Lemma atoms_subst (t : mon Act) (Ht : forall x, t <> Var x) (sg : nat -> mon Act) m :
  In t (atoms (subst sg m)) <->
  In t (atoms m) \/ exists x, In (Var x) (atoms m) /\ In t (atoms (sg x)).
Proof.
  induction m as [| | |b m IH|m1 IH1 m2 IH2|y]; simpl.
  - firstorder.
  - split; [auto | intros [H | (x & [H | []] & _)]; [exact H | discriminate]].
  - split; [auto | intros [H | (x & [H | []] & _)]; [exact H | discriminate]].
  - exact IH.
  - rewrite !in_app_iff, IH1, IH2. split.
    + intros [[H | (x & H1 & H2)] | [H | (x & H1 & H2)]]; eauto 6 using in_or_app.
    + intros [[H | H] | (x & H1 & H2)]; auto.
      apply in_app_iff in H1 as [H1 | H1]; eauto.
  - split.
    + intros H. right. exists y. simpl; auto.
    + intros [[H | []] | (x & [H1 | []] & H2)]; [exfalso; exact (Ht y (eq_sym H)) |].
      injection H1 as ->. exact H2.
Qed.

Definition point_subst (x : nat) (t : mon Act) : nat -> mon Act :=
  fun y => if Nat.eq_dec y x then t else End.

Lemma atoms_subst_end {v : mon Act} (Hv : final_verdict v) m :
  In v (atoms (subst (fun _ => End) m)) <-> In v (atoms m).
Proof.
  rewrite atoms_subst by (destruct Hv as [-> | ->]; discriminate).
  simpl. firstorder.
Qed.

Lemma atoms_subst_point {v : mon Act} (Hv : final_verdict v) x m :
  In v (atoms (subst (point_subst x v) m)) <-> In v (atoms m) \/ In (Var x) (atoms m).
Proof.
  rewrite atoms_subst by (destruct Hv as [-> | ->]; discriminate).
  unfold point_subst. split.
  - intros [H | (y & H1 & H2)]; [auto |].
    destruct (Nat.eq_dec y x) as [-> | _]; [auto | destruct H2].
  - intros [H | H]; [auto |]. right. exists x. split; [exact H |].
    destruct (Nat.eq_dec x x) as [_ | Hxx]; [| congruence].
    destruct Hv as [-> | ->]; simpl; auto.
Qed.

Lemma point_subst_closed x {v : mon Act} (Hv : final_verdict v) y :
  closed (point_subst x v y).
Proof. unfold point_subst. destruct (Nat.eq_dec y x); [destruct Hv as [-> | ->] |]; exact I. Qed.

Lemma atoms_shape (t m : mon Act) : In t (atoms m) -> final_verdict t \/ exists x, t = Var x.
Proof.
  unfold final_verdict.
  induction m; simpl; intros H; try (destruct H as [<- | []]; eauto).
  - destruct H.
  - auto.
  - apply in_app_iff in H as [H | H]; auto.
Qed.

End Substitution.

(* What omega-equivalence says about m and n: under every closed substitution
   they have the same verdict atoms. *)
Definition same_verdict_atoms {Act : Type} (m n : mon Act) : Prop :=
  forall sg : nat -> mon Act, (forall x, closed (sg x)) ->
  forall v, final_verdict v -> (In v (atoms (subst sg m)) <-> In v (atoms (subst sg n))).

Section AtomAgreement.
Context {Act : Type} {m n : mon Act}.

Lemma omega_equiv_same_verdict_atoms {a : Act} (Hsingle : forall b : Act, b = a) :
  omega_equiv m n -> same_verdict_atoms m n.
Proof.
  intros Heq sg Hcl v Hv.
  destruct (Heq sg Hcl) as [HA HR]. specialize (HA (fun _ => a)); specialize (HR (fun _ => a)).
  unfold La, Lr in *. rewrite !(omega_ext_single Hsingle) in HA, HR.
  rewrite <- (reachable_iff_atom Hv _ a), <- (reachable_iff_atom Hv _ a).
  destruct Hv as [-> | ->]; assumption.
Qed.

Hypothesis Hsame : same_verdict_atoms m n.

Lemma verdict_atoms_agree {v : mon Act} (Hv : final_verdict v) :
  In v (atoms m) <-> In v (atoms n).
Proof.
  rewrite <- (atoms_subst_end Hv m), <- (atoms_subst_end Hv n).
  exact (Hsame (fun _ => End) (fun _ => I) v Hv).
Qed.

(* If some verdict v is not an atom, substituting v for x detects x. *)
Lemma var_atoms_agree {v : mon Act} (Hv : final_verdict v) (Hmiss : ~ In v (atoms m)) x :
  In (Var x) (atoms m) <-> In (Var x) (atoms n).
Proof.
  pose proof (Hsame _ (point_subst_closed x Hv) v Hv) as H.
  rewrite !(atoms_subst_point Hv) in H.
  pose proof (verdict_atoms_agree Hv). tauto.
Qed.

Lemma atoms_same_set {v : mon Act} (Hv : final_verdict v) (Hmiss : ~ In v (atoms m)) :
  incl (atoms m) (atoms n) /\ incl (atoms n) (atoms m).
Proof.
  assert (Hiff : forall t, In t (atoms m) \/ In t (atoms n) -> (In t (atoms m) <-> In t (atoms n))).
  { intros t Ht. assert (Hshape : final_verdict t \/ exists x, t = Var x)
      by (destruct Ht; eapply atoms_shape; eauto).
    destruct Hshape as [Ht' | (x & ->)];
      [apply verdict_atoms_agree | apply (var_atoms_agree Hv Hmiss)]; assumption. }
  split; intros t Ht; apply (Hiff t); auto.
Qed.

End AtomAgreement.

Theorem mainTheorem17 (Act : Type) (a : Act) (Hsingle : forall b : Act, b = a)
  (m n : mon Act) :
  omega_equiv m n -> derive a m n.
Proof.
  intros Heq.
  pose proof (omega_equiv_same_verdict_atoms Hsingle Heq) as Hsame.
  eapply d_trans; [apply (derive_atoms a Hsingle) |].
  eapply d_trans; [| apply d_sym, (derive_atoms a Hsingle)].
  assert (HYes : final_verdict (@Yes Act)) by (left; reflexivity).
  assert (HNo : final_verdict (@No Act)) by (right; reflexivity).
  destruct (classic (In Yes (atoms m) /\ In No (atoms m))) as [[HY HN] | Hmiss].
  - (* both verdicts occur: both normal forms collapse to yes + no *)
    eapply d_trans; [apply (sumlist_yes_no a _ HY HN) |].
    apply d_sym, sumlist_yes_no; apply (verdict_atoms_agree Hsame); assumption.
  - (* some verdict is missing: the atom sets coincide *)
    assert (Hv : exists v, final_verdict v /\ ~ In v (atoms m)).
    { destruct (classic (In Yes (atoms m))); [exists No | exists Yes]; tauto. }
    destruct Hv as (v & Hv & Hv_m).
    destruct (atoms_same_set Hsame Hv Hv_m) as [Hmn Hnm].
    exact (sumlist_same_set a _ _ Hmn Hnm).
Qed.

- [Task]:
Print all the records precisely.

- [Expected answer]:
Lemma atoms_subst (t : mon Act) (Ht : forall x, t <> Var x) (sg : nat -> mon Act) m :
  In t (atoms (subst sg m)) <->
  In t (atoms m) \/ exists x, In (Var x) (atoms m) /\ In t (atoms (sg x)).
Proof.
  induction m as [| | |b m IH|m1 IH1 m2 IH2|y]; simpl.
  - firstorder.
  - split; [auto | intros [H | (x & [H | []] & _)]; [exact H | discriminate]].
  - split; [auto | intros [H | (x & [H | []] & _)]; [exact H | discriminate]].
  - exact IH.
  - rewrite !in_app_iff, IH1, IH2. split.
    + intros [[H | (x & H1 & H2)] | [H | (x & H1 & H2)]]; eauto 6 using in_or_app.
    + intros [[H | H] | (x & H1 & H2)]; auto.
      apply in_app_iff in H1 as [H1 | H1]; eauto.
  - split.
    + intros H. right. exists y. simpl; auto.
    + intros [[H | []] | (x & [H1 | []] & H2)]; [exfalso; exact (Ht y (eq_sym H)) |].
      injection H1 as ->. exact H2.
Qed.

Definition point_subst (x : nat) (t : mon Act) : nat -> mon Act :=
  fun y => if Nat.eq_dec y x then t else End.

Lemma atoms_subst_end {v : mon Act} (Hv : final_verdict v) m :
  In v (atoms (subst (fun _ => End) m)) <-> In v (atoms m).
Proof.
  rewrite atoms_subst by (destruct Hv as [-> | ->]; discriminate).
  simpl. firstorder.
Qed.

Lemma atoms_subst_point {v : mon Act} (Hv : final_verdict v) x m :
  In v (atoms (subst (point_subst x v) m)) <-> In v (atoms m) \/ In (Var x) (atoms m).
Proof.
  rewrite atoms_subst by (destruct Hv as [-> | ->]; discriminate).
  unfold point_subst. split.
  - intros [H | (y & H1 & H2)]; [auto |].
    destruct (Nat.eq_dec y x) as [-> | _]; [auto | destruct H2].
  - intros [H | H]; [auto |]. right. exists x. split; [exact H |].
    destruct (Nat.eq_dec x x) as [_ | Hxx]; [| congruence].
    destruct Hv as [-> | ->]; simpl; auto.
Qed.

Lemma point_subst_closed x {v : mon Act} (Hv : final_verdict v) y :
  closed (point_subst x v y).
Proof. unfold point_subst. destruct (Nat.eq_dec y x); [destruct Hv as [-> | ->] |]; exact I. Qed.

Lemma atoms_shape (t m : mon Act) : In t (atoms m) -> final_verdict t \/ exists x, t = Var x.
Proof.
  unfold final_verdict.
  induction m; simpl; intros H; try (destruct H as [<- | []]; eauto).
  - destruct H.
  - auto.
  - apply in_app_iff in H as [H | H]; auto.
Qed.

End Substitution.

(* What omega-equivalence says about m and n: under every closed substitution
   they have the same verdict atoms. *)
Definition same_verdict_atoms {Act : Type} (m n : mon Act) : Prop :=
  forall sg : nat -> mon Act, (forall x, closed (sg x)) ->
  forall v, final_verdict v -> (In v (atoms (subst sg m)) <-> In v (atoms (subst sg n))).

Section AtomAgreement.
Context {Act : Type} {m n : mon Act}.

Lemma omega_equiv_same_verdict_atoms {a : Act} (Hsingle : forall b : Act, b = a) :
  omega_equiv m n -> same_verdict_atoms m n.
Proof.
  intros Heq sg Hcl v Hv.
  destruct (Heq sg Hcl) as [HA HR]. specialize (HA (fun _ => a)); specialize (HR (fun _ => a)).
  unfold La, Lr in *. rewrite !(omega_ext_single Hsingle) in HA, HR.
  rewrite <- (reachable_iff_atom Hv _ a), <- (reachable_iff_atom Hv _ a).
  destruct Hv as [-> | ->]; assumption.
Qed.

Hypothesis Hsame : same_verdict_atoms m n.

Lemma verdict_atoms_agree {v : mon Act} (Hv : final_verdict v) :
  In v (atoms m) <-> In v (atoms n).
Proof.
  rewrite <- (atoms_subst_end Hv m), <- (atoms_subst_end Hv n).
  exact (Hsame (fun _ => End) (fun _ => I) v Hv).
Qed.

(* If some verdict v is not an atom, substituting v for x detects x. *)
Lemma var_atoms_agree {v : mon Act} (Hv : final_verdict v) (Hmiss : ~ In v (atoms m)) x :
  In (Var x) (atoms m) <-> In (Var x) (atoms n).
Proof.
  pose proof (Hsame _ (point_subst_closed x Hv) v Hv) as H.
  rewrite !(atoms_subst_point Hv) in H.
  pose proof (verdict_atoms_agree Hv). tauto.
Qed.

Lemma atoms_same_set {v : mon Act} (Hv : final_verdict v) (Hmiss : ~ In v (atoms m)) :
  incl (atoms m) (atoms n) /\ incl (atoms n) (atoms m).
Proof.
  assert (Hiff : forall t, In t (atoms m) \/ In t (atoms n) -> (In t (atoms m) <-> In t (atoms n))).
  { intros t Ht. assert (Hshape : final_verdict t \/ exists x, t = Var x)
      by (destruct Ht; eapply atoms_shape; eauto).
    destruct Hshape as [Ht' | (x & ->)];
      [apply verdict_atoms_agree | apply (var_atoms_agree Hv Hmiss)]; assumption. }
  split; intros t Ht; apply (Hiff t); auto.
Qed.

End AtomAgreement.

Theorem mainTheorem17 (Act : Type) (a : Act) (Hsingle : forall b : Act, b = a)
  (m n : mon Act) :
  omega_equiv m n -> derive a m n.
Proof.
  intros Heq.
  pose proof (omega_equiv_same_verdict_atoms Hsingle Heq) as Hsame.
  eapply d_trans; [apply (derive_atoms a Hsingle) |].
  eapply d_trans; [| apply d_sym, (derive_atoms a Hsingle)].
  assert (HYes : final_verdict (@Yes Act)) by (left; reflexivity).
  assert (HNo : final_verdict (@No Act)) by (right; reflexivity).
  destruct (classic (In Yes (atoms m) /\ In No (atoms m))) as [[HY HN] | Hmiss].
  - (* both verdicts occur: both normal forms collapse to yes + no *)
    eapply d_trans; [apply (sumlist_yes_no a _ HY HN) |].
    apply d_sym, sumlist_yes_no; apply (verdict_atoms_agree Hsame); assumption.
  - (* some verdict is missing: the atom sets coincide *)
    assert (Hv : exists v, final_verdict v /\ ~ In v (atoms m)).
    { destruct (classic (In Yes (atoms m))); [exists No | exists Yes]; tauto. }
    destruct Hv as (v & Hv & Hv_m).
    destruct (atoms_same_set Hsame Hv Hv_m) as [Hmn Hnm].
    exact (sumlist_same_set a _ _ Hmn Hnm).
Qed.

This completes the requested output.